* **TASK INSTRUCTIONS**: Filter the listing so that only lines with the word "lexx" remain.

* **DATA FOR THIS TASK**:
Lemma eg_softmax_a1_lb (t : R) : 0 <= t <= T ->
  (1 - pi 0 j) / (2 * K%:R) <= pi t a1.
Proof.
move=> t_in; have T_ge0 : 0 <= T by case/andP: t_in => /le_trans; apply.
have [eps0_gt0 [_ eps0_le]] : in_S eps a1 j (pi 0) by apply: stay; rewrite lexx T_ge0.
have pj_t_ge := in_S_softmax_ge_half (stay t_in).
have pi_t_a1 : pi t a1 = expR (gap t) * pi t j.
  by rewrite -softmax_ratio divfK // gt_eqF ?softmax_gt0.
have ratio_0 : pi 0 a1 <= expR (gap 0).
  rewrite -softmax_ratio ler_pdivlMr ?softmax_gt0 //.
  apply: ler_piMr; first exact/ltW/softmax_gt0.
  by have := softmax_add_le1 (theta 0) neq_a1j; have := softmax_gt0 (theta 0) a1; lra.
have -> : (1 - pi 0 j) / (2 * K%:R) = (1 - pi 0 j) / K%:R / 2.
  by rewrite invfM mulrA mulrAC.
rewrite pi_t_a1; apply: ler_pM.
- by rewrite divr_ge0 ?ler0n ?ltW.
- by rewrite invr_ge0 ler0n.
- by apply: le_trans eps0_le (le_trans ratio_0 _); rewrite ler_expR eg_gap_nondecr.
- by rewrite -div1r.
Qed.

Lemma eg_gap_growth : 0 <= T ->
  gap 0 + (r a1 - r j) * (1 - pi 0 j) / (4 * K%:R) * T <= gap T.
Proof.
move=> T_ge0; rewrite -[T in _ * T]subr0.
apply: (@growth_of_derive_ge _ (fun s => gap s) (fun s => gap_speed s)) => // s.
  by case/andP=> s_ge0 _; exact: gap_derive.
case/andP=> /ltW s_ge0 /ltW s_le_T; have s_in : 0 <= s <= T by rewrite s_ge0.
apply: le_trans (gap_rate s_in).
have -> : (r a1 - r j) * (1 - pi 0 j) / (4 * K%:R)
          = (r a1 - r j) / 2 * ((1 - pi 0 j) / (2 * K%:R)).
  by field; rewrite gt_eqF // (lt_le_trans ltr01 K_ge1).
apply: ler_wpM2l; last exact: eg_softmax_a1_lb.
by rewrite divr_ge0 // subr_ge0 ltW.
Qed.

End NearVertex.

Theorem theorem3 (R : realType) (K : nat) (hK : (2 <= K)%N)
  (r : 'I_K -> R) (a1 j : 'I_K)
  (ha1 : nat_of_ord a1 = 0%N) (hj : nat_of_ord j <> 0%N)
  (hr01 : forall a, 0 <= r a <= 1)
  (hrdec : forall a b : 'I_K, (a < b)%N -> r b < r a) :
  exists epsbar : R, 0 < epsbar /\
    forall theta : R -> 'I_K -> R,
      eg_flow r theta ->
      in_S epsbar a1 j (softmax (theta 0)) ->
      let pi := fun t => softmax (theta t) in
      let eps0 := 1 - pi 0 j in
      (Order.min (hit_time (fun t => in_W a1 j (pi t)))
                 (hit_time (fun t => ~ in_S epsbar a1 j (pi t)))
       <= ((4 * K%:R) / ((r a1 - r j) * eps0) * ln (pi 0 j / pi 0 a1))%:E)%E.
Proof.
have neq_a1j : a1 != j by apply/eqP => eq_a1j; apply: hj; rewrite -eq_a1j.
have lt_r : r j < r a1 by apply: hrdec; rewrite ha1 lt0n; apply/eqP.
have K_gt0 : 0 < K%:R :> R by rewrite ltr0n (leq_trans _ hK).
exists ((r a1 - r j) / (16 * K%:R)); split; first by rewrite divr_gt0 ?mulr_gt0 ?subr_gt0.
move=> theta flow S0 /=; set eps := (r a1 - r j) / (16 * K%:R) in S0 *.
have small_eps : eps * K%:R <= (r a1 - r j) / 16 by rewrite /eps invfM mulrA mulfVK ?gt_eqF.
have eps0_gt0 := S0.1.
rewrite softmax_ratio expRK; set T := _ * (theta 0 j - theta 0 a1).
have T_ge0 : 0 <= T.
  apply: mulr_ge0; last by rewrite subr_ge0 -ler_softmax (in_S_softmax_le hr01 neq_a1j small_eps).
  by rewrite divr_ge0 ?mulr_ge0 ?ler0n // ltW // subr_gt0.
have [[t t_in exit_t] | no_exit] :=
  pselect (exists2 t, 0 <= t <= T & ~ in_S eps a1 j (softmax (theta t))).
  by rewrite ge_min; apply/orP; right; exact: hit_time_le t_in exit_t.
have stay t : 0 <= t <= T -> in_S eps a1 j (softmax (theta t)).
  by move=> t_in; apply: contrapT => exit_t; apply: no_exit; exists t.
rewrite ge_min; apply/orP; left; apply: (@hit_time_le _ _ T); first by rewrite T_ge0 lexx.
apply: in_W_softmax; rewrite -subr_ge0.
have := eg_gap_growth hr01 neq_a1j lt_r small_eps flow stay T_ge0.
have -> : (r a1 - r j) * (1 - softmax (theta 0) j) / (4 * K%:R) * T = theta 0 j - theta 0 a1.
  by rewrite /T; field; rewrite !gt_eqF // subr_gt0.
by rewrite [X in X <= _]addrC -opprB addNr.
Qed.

* **ANSWER BOX**:
have [eps0_gt0 [_ eps0_le]] : in_S eps a1 j (pi 0) by apply: stay; rewrite lexx T_ge0.
rewrite ge_min; apply/orP; left; apply: (@hit_time_le _ _ T); first by rewrite T_ge0 lexx.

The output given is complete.